Goal of the exercise
Every line from the one containing "Section SortedPopulation." to the one containing "Local Notation g := (obj f m)." in the records below, both included, must be set down exactly, and no other line.

Input
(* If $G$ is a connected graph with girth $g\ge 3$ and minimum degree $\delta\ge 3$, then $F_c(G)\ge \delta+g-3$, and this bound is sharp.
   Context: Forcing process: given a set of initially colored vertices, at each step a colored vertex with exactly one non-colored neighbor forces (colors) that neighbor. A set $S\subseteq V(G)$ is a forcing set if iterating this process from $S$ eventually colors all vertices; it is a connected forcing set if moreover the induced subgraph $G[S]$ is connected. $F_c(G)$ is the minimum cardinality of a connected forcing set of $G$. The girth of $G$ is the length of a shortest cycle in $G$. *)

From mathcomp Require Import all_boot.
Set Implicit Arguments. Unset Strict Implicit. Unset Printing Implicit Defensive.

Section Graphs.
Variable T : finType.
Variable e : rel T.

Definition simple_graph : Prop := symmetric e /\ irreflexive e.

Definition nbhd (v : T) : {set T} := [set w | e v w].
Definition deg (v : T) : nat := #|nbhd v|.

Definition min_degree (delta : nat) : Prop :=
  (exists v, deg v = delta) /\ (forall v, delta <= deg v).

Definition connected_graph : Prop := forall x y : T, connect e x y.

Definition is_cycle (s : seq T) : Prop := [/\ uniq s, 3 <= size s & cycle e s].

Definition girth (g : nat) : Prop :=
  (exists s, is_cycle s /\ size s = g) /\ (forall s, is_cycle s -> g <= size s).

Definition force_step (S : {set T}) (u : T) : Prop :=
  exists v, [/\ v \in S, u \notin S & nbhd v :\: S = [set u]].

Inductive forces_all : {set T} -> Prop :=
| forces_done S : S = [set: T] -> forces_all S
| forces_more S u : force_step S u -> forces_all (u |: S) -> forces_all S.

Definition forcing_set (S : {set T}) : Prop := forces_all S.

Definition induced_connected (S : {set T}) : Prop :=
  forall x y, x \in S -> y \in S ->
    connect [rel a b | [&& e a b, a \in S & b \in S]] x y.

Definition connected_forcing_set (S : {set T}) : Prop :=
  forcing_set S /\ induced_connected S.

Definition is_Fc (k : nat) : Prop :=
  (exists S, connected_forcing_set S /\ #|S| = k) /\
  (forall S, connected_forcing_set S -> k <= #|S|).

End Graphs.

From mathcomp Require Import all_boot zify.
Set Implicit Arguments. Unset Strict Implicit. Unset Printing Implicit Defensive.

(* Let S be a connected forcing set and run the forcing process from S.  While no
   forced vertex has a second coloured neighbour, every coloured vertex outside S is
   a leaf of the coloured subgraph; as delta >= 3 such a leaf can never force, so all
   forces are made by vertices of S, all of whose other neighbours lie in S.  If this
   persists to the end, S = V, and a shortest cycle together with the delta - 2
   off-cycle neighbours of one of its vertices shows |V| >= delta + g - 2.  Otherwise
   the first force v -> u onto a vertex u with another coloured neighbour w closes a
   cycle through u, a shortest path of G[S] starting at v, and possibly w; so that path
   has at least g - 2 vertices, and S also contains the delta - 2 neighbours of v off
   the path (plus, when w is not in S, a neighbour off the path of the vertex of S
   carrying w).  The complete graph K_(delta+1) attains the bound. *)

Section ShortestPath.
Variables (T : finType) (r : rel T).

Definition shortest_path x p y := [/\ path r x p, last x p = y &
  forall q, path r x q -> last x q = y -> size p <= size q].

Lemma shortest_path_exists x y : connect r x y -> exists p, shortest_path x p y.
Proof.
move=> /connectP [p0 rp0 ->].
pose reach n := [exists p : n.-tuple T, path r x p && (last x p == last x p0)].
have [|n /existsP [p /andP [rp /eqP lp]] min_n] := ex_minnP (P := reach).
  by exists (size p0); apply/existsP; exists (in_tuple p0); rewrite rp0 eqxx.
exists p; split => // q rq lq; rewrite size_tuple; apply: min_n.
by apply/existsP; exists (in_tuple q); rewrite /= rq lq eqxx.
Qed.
==
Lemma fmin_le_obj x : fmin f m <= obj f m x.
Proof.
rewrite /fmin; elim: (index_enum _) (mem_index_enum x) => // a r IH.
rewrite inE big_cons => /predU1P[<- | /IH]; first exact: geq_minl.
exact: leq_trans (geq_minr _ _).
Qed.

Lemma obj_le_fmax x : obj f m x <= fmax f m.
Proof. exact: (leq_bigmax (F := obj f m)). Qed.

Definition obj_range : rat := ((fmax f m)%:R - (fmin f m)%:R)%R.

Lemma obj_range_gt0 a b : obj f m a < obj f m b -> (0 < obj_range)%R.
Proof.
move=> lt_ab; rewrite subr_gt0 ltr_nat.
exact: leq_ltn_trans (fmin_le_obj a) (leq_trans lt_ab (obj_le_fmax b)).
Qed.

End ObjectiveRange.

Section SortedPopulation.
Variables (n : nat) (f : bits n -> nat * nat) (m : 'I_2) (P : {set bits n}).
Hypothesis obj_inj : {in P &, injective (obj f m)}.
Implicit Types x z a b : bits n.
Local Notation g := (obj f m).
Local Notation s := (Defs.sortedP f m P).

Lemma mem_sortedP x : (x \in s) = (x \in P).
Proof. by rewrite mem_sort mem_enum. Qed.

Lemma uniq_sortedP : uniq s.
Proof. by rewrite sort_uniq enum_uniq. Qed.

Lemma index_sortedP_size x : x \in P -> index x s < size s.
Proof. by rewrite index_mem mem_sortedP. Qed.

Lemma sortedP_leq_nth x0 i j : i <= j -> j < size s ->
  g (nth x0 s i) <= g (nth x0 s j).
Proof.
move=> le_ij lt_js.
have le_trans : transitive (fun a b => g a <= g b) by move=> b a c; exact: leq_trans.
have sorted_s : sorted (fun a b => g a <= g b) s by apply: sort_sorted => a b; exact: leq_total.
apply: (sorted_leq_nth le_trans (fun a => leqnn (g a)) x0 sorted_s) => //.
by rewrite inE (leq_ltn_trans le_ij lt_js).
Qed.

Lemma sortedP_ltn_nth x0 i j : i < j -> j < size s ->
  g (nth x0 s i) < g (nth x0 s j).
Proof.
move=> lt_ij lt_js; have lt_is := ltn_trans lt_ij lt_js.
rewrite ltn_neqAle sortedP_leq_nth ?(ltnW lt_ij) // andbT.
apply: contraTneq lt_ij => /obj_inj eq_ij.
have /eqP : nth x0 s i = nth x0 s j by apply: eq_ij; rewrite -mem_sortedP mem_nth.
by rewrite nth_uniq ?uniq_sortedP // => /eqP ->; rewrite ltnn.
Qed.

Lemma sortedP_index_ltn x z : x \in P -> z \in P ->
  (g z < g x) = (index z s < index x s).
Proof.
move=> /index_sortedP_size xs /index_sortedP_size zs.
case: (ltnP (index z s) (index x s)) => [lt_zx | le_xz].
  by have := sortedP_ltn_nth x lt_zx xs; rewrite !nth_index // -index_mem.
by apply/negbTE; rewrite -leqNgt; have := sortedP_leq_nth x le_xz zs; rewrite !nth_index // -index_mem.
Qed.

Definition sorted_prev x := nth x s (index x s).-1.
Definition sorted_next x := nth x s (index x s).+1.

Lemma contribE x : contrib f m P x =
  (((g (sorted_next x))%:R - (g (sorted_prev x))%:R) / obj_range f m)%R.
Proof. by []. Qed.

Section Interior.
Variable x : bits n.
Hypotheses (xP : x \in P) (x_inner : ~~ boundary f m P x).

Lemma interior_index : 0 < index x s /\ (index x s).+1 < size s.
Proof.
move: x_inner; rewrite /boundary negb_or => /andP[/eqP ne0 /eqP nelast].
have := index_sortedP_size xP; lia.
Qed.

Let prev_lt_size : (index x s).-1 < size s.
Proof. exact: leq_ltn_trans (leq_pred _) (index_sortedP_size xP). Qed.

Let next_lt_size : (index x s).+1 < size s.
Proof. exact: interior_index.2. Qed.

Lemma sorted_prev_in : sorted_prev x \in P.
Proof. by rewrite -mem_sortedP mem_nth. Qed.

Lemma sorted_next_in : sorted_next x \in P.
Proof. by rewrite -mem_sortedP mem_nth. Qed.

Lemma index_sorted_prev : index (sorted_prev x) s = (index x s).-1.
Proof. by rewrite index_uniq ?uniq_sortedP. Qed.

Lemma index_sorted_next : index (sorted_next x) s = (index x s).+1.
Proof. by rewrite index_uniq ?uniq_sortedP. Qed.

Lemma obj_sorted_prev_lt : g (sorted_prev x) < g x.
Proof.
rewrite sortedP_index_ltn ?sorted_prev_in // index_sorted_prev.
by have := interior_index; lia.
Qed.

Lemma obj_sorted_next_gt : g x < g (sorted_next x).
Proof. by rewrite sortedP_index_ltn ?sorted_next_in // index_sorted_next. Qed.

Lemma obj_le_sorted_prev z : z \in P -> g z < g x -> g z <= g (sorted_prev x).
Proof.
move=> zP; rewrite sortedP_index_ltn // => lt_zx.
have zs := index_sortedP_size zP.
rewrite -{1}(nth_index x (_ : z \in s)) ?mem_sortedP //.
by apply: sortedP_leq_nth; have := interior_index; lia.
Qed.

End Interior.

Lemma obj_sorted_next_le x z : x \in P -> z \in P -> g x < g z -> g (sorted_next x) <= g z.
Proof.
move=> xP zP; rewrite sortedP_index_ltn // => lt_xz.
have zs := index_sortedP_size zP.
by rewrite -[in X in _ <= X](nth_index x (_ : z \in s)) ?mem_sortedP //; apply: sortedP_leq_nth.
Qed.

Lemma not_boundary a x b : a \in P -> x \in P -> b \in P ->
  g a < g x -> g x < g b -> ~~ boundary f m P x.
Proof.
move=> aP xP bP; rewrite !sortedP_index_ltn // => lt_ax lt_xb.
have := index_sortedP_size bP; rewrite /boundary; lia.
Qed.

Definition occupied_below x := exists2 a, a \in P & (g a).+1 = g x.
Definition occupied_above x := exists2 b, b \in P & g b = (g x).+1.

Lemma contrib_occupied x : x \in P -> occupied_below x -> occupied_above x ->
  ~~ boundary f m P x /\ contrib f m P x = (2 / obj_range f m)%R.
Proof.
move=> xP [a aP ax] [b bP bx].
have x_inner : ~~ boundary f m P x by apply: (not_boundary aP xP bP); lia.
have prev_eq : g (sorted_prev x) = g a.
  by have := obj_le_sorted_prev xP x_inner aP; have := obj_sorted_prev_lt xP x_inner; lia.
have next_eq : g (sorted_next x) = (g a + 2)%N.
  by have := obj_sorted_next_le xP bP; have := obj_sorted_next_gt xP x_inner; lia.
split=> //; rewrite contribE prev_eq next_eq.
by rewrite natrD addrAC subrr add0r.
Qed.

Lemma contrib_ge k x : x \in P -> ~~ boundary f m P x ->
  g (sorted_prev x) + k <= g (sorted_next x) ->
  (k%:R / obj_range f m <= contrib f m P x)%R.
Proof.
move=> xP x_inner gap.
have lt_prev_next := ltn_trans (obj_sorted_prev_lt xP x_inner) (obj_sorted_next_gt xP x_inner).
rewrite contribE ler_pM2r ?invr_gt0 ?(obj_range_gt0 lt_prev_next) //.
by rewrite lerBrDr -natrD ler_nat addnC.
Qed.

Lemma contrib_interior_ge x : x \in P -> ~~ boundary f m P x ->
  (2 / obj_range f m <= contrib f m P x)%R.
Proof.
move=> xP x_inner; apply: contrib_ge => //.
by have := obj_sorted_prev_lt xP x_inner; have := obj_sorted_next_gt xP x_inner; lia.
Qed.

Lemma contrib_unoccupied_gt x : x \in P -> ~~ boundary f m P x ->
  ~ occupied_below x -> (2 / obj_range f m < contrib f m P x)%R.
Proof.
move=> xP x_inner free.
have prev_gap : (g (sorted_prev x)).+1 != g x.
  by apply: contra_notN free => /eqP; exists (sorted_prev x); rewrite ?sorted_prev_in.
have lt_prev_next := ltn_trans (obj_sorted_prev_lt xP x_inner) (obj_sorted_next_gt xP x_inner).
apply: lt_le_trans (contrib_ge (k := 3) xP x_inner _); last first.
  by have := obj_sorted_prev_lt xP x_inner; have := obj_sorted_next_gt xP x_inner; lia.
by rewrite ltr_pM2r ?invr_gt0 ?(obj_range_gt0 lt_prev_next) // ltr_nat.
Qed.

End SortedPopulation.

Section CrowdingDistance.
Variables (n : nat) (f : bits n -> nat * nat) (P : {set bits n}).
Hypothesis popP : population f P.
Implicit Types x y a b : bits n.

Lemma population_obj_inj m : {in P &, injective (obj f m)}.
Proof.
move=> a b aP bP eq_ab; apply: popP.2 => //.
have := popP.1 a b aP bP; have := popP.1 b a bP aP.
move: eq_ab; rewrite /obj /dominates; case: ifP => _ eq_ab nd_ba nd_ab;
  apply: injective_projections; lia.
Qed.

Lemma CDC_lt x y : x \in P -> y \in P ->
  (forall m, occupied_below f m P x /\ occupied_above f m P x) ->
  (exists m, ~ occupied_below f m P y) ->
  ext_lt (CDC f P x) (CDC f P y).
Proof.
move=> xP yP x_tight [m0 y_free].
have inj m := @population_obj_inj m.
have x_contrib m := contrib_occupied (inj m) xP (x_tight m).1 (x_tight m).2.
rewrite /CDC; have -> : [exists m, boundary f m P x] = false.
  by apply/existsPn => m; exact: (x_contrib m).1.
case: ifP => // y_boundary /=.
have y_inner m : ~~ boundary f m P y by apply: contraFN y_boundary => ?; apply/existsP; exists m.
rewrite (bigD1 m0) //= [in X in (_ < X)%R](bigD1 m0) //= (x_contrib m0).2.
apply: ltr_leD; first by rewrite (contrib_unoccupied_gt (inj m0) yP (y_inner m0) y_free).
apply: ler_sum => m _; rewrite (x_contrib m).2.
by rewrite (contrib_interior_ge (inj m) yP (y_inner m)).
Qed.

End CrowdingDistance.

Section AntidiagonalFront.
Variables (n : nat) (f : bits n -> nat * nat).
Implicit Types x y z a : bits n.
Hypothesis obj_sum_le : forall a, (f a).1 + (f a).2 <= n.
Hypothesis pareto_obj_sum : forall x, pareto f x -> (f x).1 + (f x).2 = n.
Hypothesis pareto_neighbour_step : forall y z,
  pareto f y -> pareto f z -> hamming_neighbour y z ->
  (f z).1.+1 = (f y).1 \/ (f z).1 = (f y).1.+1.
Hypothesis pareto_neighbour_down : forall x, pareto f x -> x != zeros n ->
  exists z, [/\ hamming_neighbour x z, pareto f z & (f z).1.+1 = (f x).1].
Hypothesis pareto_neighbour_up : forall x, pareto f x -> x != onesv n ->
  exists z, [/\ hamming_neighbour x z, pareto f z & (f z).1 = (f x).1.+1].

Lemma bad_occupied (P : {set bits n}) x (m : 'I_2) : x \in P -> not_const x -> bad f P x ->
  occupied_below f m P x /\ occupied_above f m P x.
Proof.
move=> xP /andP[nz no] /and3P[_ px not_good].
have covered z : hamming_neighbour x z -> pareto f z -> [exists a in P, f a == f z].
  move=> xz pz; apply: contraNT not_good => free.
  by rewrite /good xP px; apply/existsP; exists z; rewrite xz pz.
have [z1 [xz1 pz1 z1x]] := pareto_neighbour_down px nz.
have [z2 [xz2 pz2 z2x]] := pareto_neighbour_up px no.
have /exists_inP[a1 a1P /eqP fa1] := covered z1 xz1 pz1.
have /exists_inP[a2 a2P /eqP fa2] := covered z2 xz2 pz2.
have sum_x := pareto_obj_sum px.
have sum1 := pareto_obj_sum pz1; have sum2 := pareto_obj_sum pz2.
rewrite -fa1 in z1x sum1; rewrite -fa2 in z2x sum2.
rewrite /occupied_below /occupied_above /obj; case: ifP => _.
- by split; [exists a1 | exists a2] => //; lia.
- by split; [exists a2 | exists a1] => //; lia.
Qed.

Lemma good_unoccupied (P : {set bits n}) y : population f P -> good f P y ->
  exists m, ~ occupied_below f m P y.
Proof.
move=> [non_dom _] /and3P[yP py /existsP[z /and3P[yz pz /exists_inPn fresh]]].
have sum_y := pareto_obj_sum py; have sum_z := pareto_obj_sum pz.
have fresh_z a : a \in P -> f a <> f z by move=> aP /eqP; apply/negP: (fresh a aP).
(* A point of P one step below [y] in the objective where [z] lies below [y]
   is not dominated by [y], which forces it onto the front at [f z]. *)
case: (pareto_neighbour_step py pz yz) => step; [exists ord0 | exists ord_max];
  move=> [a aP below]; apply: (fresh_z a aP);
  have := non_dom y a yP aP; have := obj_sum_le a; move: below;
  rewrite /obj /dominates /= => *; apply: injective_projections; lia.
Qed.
--
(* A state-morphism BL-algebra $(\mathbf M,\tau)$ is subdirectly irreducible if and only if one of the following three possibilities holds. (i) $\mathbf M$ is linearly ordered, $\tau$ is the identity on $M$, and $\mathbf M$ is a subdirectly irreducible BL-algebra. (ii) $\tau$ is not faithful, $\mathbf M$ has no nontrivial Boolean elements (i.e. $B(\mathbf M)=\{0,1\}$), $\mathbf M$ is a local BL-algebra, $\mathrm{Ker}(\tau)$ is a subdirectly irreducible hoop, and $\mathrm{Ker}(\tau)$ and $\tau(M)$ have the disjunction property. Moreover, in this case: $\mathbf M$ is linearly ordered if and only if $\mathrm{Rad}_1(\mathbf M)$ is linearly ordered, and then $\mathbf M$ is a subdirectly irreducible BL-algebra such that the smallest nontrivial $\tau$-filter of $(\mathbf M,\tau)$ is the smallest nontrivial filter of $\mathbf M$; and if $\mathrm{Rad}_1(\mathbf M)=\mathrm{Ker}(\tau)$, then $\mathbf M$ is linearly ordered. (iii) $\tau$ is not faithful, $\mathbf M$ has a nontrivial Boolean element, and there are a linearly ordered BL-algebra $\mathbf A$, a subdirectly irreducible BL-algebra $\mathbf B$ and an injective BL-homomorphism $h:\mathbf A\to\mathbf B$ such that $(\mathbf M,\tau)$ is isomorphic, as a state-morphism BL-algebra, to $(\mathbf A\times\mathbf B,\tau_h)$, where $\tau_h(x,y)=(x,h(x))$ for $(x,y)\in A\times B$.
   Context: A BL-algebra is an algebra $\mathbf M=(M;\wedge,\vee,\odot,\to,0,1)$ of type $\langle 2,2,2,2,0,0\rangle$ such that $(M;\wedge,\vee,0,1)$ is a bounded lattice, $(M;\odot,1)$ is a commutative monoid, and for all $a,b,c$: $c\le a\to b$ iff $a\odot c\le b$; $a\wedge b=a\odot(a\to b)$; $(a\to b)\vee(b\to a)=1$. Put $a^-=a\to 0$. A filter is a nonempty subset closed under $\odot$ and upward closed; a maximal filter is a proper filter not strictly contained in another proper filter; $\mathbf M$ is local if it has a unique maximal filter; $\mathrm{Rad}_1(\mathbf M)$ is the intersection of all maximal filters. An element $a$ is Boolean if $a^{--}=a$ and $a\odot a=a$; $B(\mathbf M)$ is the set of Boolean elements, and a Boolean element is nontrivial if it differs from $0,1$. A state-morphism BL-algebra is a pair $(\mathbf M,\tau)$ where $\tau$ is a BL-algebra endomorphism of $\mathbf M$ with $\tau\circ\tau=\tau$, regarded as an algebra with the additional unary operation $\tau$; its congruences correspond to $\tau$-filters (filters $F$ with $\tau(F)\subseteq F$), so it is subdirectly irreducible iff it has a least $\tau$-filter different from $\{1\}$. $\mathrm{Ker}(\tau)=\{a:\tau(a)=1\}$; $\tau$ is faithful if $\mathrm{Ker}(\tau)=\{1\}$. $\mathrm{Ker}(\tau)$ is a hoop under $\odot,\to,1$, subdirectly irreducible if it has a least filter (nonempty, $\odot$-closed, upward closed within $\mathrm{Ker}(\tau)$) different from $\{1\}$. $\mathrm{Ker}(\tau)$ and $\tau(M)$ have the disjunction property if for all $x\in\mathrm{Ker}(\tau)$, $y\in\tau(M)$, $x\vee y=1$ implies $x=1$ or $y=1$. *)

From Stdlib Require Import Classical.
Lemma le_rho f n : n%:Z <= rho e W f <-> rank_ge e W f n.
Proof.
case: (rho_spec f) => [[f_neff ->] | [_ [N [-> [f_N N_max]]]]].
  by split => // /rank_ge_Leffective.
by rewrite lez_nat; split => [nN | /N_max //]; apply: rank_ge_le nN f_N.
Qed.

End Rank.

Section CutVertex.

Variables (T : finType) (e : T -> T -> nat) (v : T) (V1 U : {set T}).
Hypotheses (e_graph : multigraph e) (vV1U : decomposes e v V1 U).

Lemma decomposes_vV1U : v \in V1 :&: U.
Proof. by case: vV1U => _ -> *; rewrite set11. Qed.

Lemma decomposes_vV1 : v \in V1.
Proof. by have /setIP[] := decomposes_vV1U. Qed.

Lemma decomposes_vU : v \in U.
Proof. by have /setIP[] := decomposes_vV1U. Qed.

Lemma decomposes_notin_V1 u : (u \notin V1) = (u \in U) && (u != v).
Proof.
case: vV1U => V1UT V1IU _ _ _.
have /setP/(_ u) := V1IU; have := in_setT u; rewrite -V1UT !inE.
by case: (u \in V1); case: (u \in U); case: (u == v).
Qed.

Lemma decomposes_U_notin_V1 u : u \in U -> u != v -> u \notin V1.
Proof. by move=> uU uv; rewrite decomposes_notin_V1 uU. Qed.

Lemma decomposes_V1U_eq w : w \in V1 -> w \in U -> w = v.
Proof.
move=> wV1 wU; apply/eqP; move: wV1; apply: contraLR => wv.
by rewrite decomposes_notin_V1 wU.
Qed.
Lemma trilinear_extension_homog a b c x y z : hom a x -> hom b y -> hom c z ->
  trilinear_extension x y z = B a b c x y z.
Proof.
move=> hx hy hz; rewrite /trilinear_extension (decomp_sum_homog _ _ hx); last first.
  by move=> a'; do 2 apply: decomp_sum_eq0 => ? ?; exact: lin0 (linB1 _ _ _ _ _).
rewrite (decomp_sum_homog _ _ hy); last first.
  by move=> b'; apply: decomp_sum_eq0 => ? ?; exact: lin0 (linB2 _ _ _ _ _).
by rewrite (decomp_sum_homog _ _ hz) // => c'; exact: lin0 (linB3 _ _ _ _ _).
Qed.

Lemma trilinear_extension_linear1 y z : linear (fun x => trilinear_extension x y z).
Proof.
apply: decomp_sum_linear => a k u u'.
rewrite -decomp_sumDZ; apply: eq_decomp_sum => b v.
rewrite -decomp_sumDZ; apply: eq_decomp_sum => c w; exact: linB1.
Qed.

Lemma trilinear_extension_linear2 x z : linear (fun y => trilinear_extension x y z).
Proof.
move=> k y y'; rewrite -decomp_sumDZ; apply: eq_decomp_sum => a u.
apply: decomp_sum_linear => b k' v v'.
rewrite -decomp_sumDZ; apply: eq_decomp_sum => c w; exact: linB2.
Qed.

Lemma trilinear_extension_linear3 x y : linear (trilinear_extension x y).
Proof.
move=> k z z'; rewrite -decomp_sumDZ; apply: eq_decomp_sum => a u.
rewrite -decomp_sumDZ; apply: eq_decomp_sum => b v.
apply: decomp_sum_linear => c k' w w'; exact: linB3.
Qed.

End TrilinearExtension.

Solution to this task
Section SortedPopulation.
Variables (n : nat) (f : bits n -> nat * nat) (m : 'I_2) (P : {set bits n}).
Hypothesis obj_inj : {in P &, injective (obj f m)}.
Implicit Types x z a b : bits n.
Local Notation g := (obj f m).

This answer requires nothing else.